### [Task instructions]
Your job with the data below is to output exactly the lines from the one holding "exists ((f c" down to the one holding "Lemma sublinear_lt_line (f", both included, and no others.

[Dataset records]
(* Let $x\in\mathbb{R}$ and let $\theta\colon[x,+\infty)\to\mathbb{R}$ be a continuous sublinear function. If $y$ is a real number with $y<\theta(t)$ for every $t\in[x,+\infty)$, then the set $$E(x,y,\theta)=\left\{t>x\ \middle|\ \forall s\in[x,t],\ \theta(s)\ge\frac{\theta(t)-y}{t-x}(s-x)+y\right\}$$ is not bounded above.
   Context: A function $\theta$ is sublinear if $\theta(t)=o(t)$ as $t\to+\infty$. *)

From HB Require Import structures.
From mathcomp Require Import all_boot all_order all_algebra.
From mathcomp Require Import all_classical all_reals all_analysis.
Set Implicit Arguments. Unset Strict Implicit. Unset Printing Implicit Defensive.
Import Order.TTheory GRing.Theory Num.Theory.
Import numFieldNormedType.Exports.
Local Open Scope classical_set_scope.
Local Open Scope ring_scope.

Definition Eset (R : realType) (x y : R) (theta : R -> R) : set R :=
  [set t | x < t /\
     forall s, x <= s <= t -> (theta t - y) / (t - x) * (s - x) + y <= theta s].

From HB Require Import structures.
From mathcomp Require Import all_boot all_order all_algebra.
From mathcomp Require Import all_classical all_reals all_analysis.
From mathcomp Require Import lra.
Import Order.TTheory GRing.Theory Num.Theory.
Import numFieldNormedType.Exports.
Local Open Scope classical_set_scope.
Local Open Scope ring_scope.

(* Given a bound M, pick b > M.  On [x, b] the function theta - y is bounded
   below by a positive constant, hence lies above a line of some slope a > 0
   through (x, y).  Sublinearity yields T > b whose secant slope from (x, y)
   is below a.  A point t of [b, T] minimising the secant slope then lies in
   E(x, y, theta): on [x, b] its chord stays below the line of slope a, and on
   [b, t] below theta by minimality.  So t > M lies in E. *)

Section LinearBounds.
Set Implicit Arguments.
Unset Strict Implicit.
Variable R : realType.

Lemma linear_minorant (f : R -> R) (x b y : R) :
  x < b -> {within `[x, b], continuous f} ->
  (forall s, x <= s <= b -> y < f s) ->
  exists2 a, 0 < a & forall s, x <= s <= b -> a * (s - x) + y <= f s.
Proof.
move=> xb fcont f_gt_y.
have [c cxb cmin] := EVT_min (ltW xb) fcont.
have /andP[xc cb] : x <= c <= b by rewrite in_itv /= in cxb.
have fc_gt_y : y < f c by apply: f_gt_y; rewrite xc cb.
exists ((f c - y) / (b - x)); first by rewrite divr_gt0 ?subr_gt0.
move=> s /andP[xs sb].
have fc_le_fs : f c <= f s by apply: cmin; rewrite in_itv /= xs sb.
have : (f c - y) / (b - x) * (s - x) <= f c - y.
  by rewrite mulrAC ler_pdivrMr ?subr_gt0 // ler_wpM2l ?subr_ge0 ?lerD2r // ltW.
lra.
Qed.

Lemma sublinear_lt_line (f : R -> R) (a k : R) : 0 < a ->
  f t / t @[t --> +oo] --> 0 -> \forall t \near +oo, f t < a * t + k.
Proof.
move=> a_gt0 /cvgr0Pnorm_lt f_small.
have a2_gt0 : 0 < a / 2 by rewrite divr_gt0.
near=> t.
have t_gt0 : 0 < t by near: t; exact: nbhs_pinfty_gt.
have ft_lt : f t < a / 2 * t.
  rewrite -ltr_pdivrMr //; apply: le_lt_trans (ler_norm _) _.
  by near: t; exact: f_small.
have : - k / (a / 2) < t by near: t; exact: nbhs_pinfty_gt (num_real _).
rewrite ltr_pdivrMr // => kt; lra.
Unshelve. all: by end_near.
Qed.

End LinearBounds.

Section SecantSlope.
Set Implicit Arguments.
Unset Strict Implicit.
Variables (R : realType) (x y : R) (theta : R -> R).

Definition secant_slope t := (theta t - y) / (t - x).

Lemma secant_slopeK t : x < t -> secant_slope t * (t - x) + y = theta t.
Proof. by move=> xt; rewrite /secant_slope divfK ?subr_eq0 ?gt_eqF // subrK. Qed.

Lemma secant_slope_lt a t : x < t ->
  (secant_slope t < a) = (theta t < a * (t - x) + y).
Proof. by move=> xt; rewrite /secant_slope ltr_pdivrMr ?subr_gt0 // ltrBlDr. Qed.

Lemma secant_slope_continuous b T : x < b ->
  {within `[x, +oo[, continuous theta} -> {within `[b, T], continuous secant_slope}.
Proof.
move=> xb /continuous_within_itvcyP[theta_cont _].
apply: continuous_subspace_itv => t; rewrite in_itv /= => /andP[bt _].
have xt : x < t by apply: lt_le_trans bt.
apply: cvgM; first by apply: cvgB (cvg_cst _); apply: theta_cont; rewrite in_itv /= xt.
by apply: cvgV; [rewrite subr_eq0 gt_eqF | apply: cvgB cvg_id (cvg_cst _)].
Qed.

Lemma Eset_secant_argmin a b t : x < b -> b <= t ->
  (forall s, x <= s <= b -> a * (s - x) + y <= theta s) ->
  secant_slope t <= a ->
  (forall s, b <= s <= t -> secant_slope t <= secant_slope s) ->
  Eset x y theta t.
Proof.
move=> xb bt above_line slope_le_a slope_min.
have xt : x < t by apply: lt_le_trans bt.
split=> // s /andP[xs st]; rewrite -/(secant_slope t).
have [sb | bs] := leP s b.
- apply: le_trans (above_line s _); last by rewrite xs sb.
  by rewrite lerD2r ler_wpM2r ?subr_ge0.
- rewrite -(secant_slopeK (lt_trans xb bs)) lerD2r ler_wpM2r ?subr_ge0 //.
  by apply: slope_min; rewrite st ltW.
Qed.

End SecantSlope.

Theorem lemma3p1 (R : realType) (x y : R) (theta : R -> R)
  (hcont : {within `[x, +oo[, continuous theta})
  (hsub : theta t / t @[t --> +oo] --> 0)
  (hy : forall t, x <= t -> y < theta t) :
  ~ has_ubound (Eset x y theta).
Proof.
move=> [M M_ub].
pose b := Num.max M x + 1.
have [xb Mb] : x < b /\ M < b by split; apply: ltr_pwDr; rewrite // le_max lexx ?orbT.
have [a a_gt0 above_line] : exists2 a, 0 < a &
    forall s, x <= s <= b -> a * (s - x) + y <= theta s.
  apply: linear_minorant => // [|s /andP[xs _]]; last exact: hy.
  by apply: continuous_subspaceW hcont => s; rewrite /= !in_itv /= => /andP[->].
have [T [/= lt_line bT]] := filter_ex (filterI
  (sublinear_lt_line (y - a * x) a_gt0 hsub) (nbhs_pinfty_gt (num_real b))).
have slopeT : secant_slope x y theta T < a.
  by rewrite secant_slope_lt ?(lt_trans xb) //; lra.
have [t tbT t_min] := EVT_min (ltW bT) (secant_slope_continuous (y := y) xb hcont).
have /andP[bt tT] : b <= t <= T by rewrite in_itv /= in tbT.
suff : t <= M by lra.
apply: M_ub; apply: (Eset_secant_argmin xb bt above_line).
  by apply: le_trans (ltW slopeT); apply: t_min; rewrite in_itv /= (ltW bT) lexx.
by move=> s /andP[bs st]; apply: t_min; rewrite in_itv /= bs (le_trans st tT).
Qed.
Section SmoothedObjectives.
Variables (R : realType) (N : nat) (nv : 'I_N -> nat) (m : nat).
Variables (Q : forall nu : 'I_N, 'M[R]_(nv nu)) (c : forall nu : 'I_N, 'cV[R]_(nv nu)).
Variables (a : 'cV[R]_m) (Qy : 'M[R]_m) (B L : 'M[R]_(ntot nv, m)) (phit : R -> R -> R).
Hypothesis phit_smoothing : smoothing_family phit.

Local Notation theta_e := (theta_eps Q c a Qy B L phit).

Lemma theta_eps0 nu x : theta_e 0 nu x = theta Q c a Qy B L nu x.
Proof.
have [_ [phit0 _]] := phit_smoothing.
rewrite /theta_eps /theta mulr_suml; congr (_ + _); apply: eq_bigr => i _.
rewrite mulmxDl mulmxBl [map_mx _ _ _ _]mxE phit0 -mulrA maxC maxr_absE.
by set lx := L^T *m x; set wx := invmx Qy *m B^T *m x; rewrite !mxE.
Qed.

Lemma continuous_theta_eps (T : topologicalType) (X : T -> 'cV[R]_(ntot nv))
    (E : T -> R) nu :
  continuous X -> continuous E -> (forall t, 0 <= E t) ->
  continuous (fun t => theta_e (E t) nu (X t)).
Proof.
move=> Xc Ec E_ge0; have [_ [_ phit_cont]] := phit_smoothing.
have entry k l (M : T -> 'M[R]_(k, l)) i j : continuous M -> continuous (fun t => M t i j).
  by move/continuous_mxP; apply.
have lin_entry k (M : 'M[R]_(k, ntot nv)) i : continuous (fun t => (M *m X t) i ord0).
  by apply: entry; apply: continuous_mulmx Xc; exact: cst_continuous.
have Xc_nu : continuous (fun t => blk (X t) nu) := continuous_blk Xc.
have quad_c : continuous (fun t => ((blk (X t) nu)^T *m Q nu *m blk (X t) nu) ord0 ord0).
  apply: entry; apply: continuous_mulmx (Xc_nu).
  by apply: continuous_mulmx (continuous_trmx Xc_nu) _; exact: cst_continuous.
have own_c : continuous (fun t => ((c nu)^T *m blk (X t) nu) ord0 ord0).
  by apply: entry; apply: continuous_mulmx (Xc_nu); exact: cst_continuous.
have smooth_c (M : 'M[R]_(m, ntot nv)) i :
    continuous (fun t => map_mx (phit (E t)) (M *m X t) i ord0).
  under eq_fun do rewrite mxE.
  apply: (continuous_within_comp (h := fun t => ((M *m X t) i ord0, E t)) phit_cont).
    by move=> t; exact: E_ge0.
  move=> t.
  apply: (@cvg_pair _ _ _ _ (nbhs ((M *m X t) i ord0)) (nbhs (E t))).
  - exact: lin_entry.
  - exact: Ec.
move=> t; apply: cvgD; [apply: cvgD; [apply: cvgM | ] | apply: cvgM]; try exact: cvg_cst.
- exact: quad_c.
- exact: own_c.
apply: continuous_sum t => i t; apply: cvgM; first exact: cvg_cst.
by apply: cvgD; [exact: lin_entry | exact: smooth_c].
Qed.
(* Let ${\bf p}=({\bf p}_1,\dots,{\bf p}_n)$ and ${\bf q}=({\bf q}_1,\dots,{\bf q}_m)$ be configurations in $\mathbb R^d$. Suppose there are subconfigurations ${\bf p}'\subset{\bf p}$ and ${\bf q}'\subset{\bf q}$ such that the combined set of points of $({\bf p}',{\bf q}')$ is in general position in $\mathbb R^d$ and there is no quadric strictly separating ${\bf p}'$ and ${\bf q}'$. Then $(K(n,m),{\bf p},{\bf q})$ is universally rigid, and the affine span of ${\bf p}$ and the affine span of ${\bf q}$ are each all of $\mathbb R^d$.
   Context: $(K(n,m),{\bf p},{\bf q})$ is the framework with bars joining ${\bf p}_i$ to ${\bf q}_j$ for all $i,j$. It is universally rigid if every configuration in any $\mathbb R^D$ with the same bar lengths has all pairwise distances equal to those of the original. A configuration in $\mathbb R^d$ is in general position if every $k+1$ of its points span a $k$-dimensional affine subspace, for $k=1,\dots,d$. For ${\bf x}\in\mathbb R^d$, $\hat{\bf x}$ is ${\bf x}$ with a $1$ appended. Point sets ${\bf a}$, ${\bf b}$ are strictly separated by a quadric if there is a symmetric $(d+1)\times(d+1)$ matrix $A$ with $\hat{\bf b}^tA\hat{\bf b}<0<\hat{\bf a}^tA\hat{\bf a}$ for all ${\bf a}$ in the first set and ${\bf b}$ in the second. *)

From HB Require Import structures.
From mathcomp Require Import all_boot all_order all_algebra.
Set Implicit Arguments. Unset Strict Implicit. Unset Printing Implicit Defensive.
Import Order.TTheory GRing.Theory Num.Theory.
Local Open Scope ring_scope.

Definition sqdist (R : rcfType) (d : nat) (x y : 'rV[R]_d) : R :=
  \sum_(i < d) (x 0 i - y 0 i) ^+ 2.

Definition hat (R : rcfType) (d : nat) (x : 'rV[R]_d) : 'rV[R]_(d + 1) :=
  row_mx x (const_mx 1).

Definition join_cfg (R : rcfType) (d n m : nat)
  (p : 'I_n -> 'rV[R]_d) (q : 'I_m -> 'rV[R]_d) : 'I_(n + m) -> 'rV[R]_d :=
  fun k => match split k with inl i => p i | inr j => q j end.

(* dimension of the affine span of the points x_i, i in S
   (= rank of the vectors \hat x_i minus 1) *)
Definition affdim (R : rcfType) (d N : nat) (x : 'I_N -> 'rV[R]_d)
  (S : {set 'I_N}) : nat :=
  (\rank (\sum_(i in S) <<hat (x i)>>)%MS).-1.

Definition affine_span_full (R : rcfType) (d N : nat) (x : 'I_N -> 'rV[R]_d) : Prop :=
  \rank (\sum_(i < N) <<hat (x i)>>)%MS = d.+1.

### [Task result]
exists ((f c - y) / (b - x)); first by rewrite divr_gt0 ?subr_gt0.
move=> s /andP[xs sb].
have fc_le_fs : f c <= f s by apply: cmin; rewrite in_itv /= xs sb.
have : (f c - y) / (b - x) * (s - x) <= f c - y.
  by rewrite mulrAC ler_pdivrMr ?subr_gt0 // ler_wpM2l ?subr_ge0 ?lerD2r // ltW.
lra.
Qed.

Lemma sublinear_lt_line (f : R -> R) (a k : R) : 0 < a ->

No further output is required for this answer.